»»
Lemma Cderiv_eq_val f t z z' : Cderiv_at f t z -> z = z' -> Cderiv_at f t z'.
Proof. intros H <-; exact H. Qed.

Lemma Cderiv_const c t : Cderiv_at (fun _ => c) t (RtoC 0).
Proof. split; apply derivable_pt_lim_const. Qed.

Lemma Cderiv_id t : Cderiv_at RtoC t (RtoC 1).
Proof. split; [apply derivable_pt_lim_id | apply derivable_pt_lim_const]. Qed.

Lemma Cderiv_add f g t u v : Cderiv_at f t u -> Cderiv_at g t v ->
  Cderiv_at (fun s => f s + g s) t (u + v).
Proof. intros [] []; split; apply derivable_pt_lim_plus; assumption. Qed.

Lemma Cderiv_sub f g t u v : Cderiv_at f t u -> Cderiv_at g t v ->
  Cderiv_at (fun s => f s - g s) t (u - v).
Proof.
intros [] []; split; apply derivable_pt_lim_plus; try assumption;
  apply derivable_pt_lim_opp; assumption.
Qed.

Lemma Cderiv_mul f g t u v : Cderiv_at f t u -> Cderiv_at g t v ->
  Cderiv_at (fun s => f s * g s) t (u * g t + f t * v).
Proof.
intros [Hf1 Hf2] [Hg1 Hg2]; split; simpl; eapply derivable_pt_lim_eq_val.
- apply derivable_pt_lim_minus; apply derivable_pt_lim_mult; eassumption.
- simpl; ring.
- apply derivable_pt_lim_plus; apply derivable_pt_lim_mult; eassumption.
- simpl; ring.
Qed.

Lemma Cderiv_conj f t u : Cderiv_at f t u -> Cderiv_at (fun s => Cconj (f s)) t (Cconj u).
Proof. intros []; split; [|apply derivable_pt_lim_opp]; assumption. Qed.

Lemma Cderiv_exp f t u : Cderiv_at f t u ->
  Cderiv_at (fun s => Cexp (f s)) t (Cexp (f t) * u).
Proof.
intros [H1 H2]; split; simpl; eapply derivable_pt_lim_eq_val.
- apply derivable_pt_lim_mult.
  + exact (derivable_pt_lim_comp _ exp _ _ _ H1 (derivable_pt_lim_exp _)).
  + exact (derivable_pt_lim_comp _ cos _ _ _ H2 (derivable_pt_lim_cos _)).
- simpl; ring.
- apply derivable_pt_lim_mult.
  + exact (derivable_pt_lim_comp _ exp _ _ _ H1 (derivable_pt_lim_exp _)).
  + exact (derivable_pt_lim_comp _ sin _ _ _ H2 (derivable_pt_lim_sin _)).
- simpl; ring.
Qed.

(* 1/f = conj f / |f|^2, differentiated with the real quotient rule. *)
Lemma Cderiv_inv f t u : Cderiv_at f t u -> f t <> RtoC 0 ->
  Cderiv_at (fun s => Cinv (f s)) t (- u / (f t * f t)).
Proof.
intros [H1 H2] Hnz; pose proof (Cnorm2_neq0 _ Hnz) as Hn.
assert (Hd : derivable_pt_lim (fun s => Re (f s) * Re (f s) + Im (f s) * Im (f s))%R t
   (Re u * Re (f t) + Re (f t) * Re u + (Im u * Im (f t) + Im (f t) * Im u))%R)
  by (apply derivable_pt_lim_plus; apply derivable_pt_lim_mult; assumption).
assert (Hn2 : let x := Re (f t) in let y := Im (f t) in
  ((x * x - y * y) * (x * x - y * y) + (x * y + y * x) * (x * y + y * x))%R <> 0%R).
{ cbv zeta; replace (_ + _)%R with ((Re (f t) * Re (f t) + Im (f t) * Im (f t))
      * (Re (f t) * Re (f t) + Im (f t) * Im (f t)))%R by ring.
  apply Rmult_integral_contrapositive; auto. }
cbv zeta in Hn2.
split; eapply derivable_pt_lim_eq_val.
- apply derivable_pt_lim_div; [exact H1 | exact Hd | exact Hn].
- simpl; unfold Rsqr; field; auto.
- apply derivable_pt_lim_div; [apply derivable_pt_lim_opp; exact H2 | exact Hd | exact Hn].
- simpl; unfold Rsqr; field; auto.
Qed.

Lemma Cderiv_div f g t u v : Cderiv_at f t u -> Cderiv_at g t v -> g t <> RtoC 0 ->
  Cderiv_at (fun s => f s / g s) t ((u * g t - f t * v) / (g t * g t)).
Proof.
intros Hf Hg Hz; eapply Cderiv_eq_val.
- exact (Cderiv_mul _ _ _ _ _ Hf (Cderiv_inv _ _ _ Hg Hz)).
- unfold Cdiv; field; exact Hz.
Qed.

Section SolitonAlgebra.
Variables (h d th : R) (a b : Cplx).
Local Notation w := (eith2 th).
««
# Try it
Find all the lines with "eassumption" in the data and copy them.

# Finished exercise
- apply derivable_pt_lim_minus; apply derivable_pt_lim_mult; eassumption.
- apply derivable_pt_lim_plus; apply derivable_pt_lim_mult; eassumption.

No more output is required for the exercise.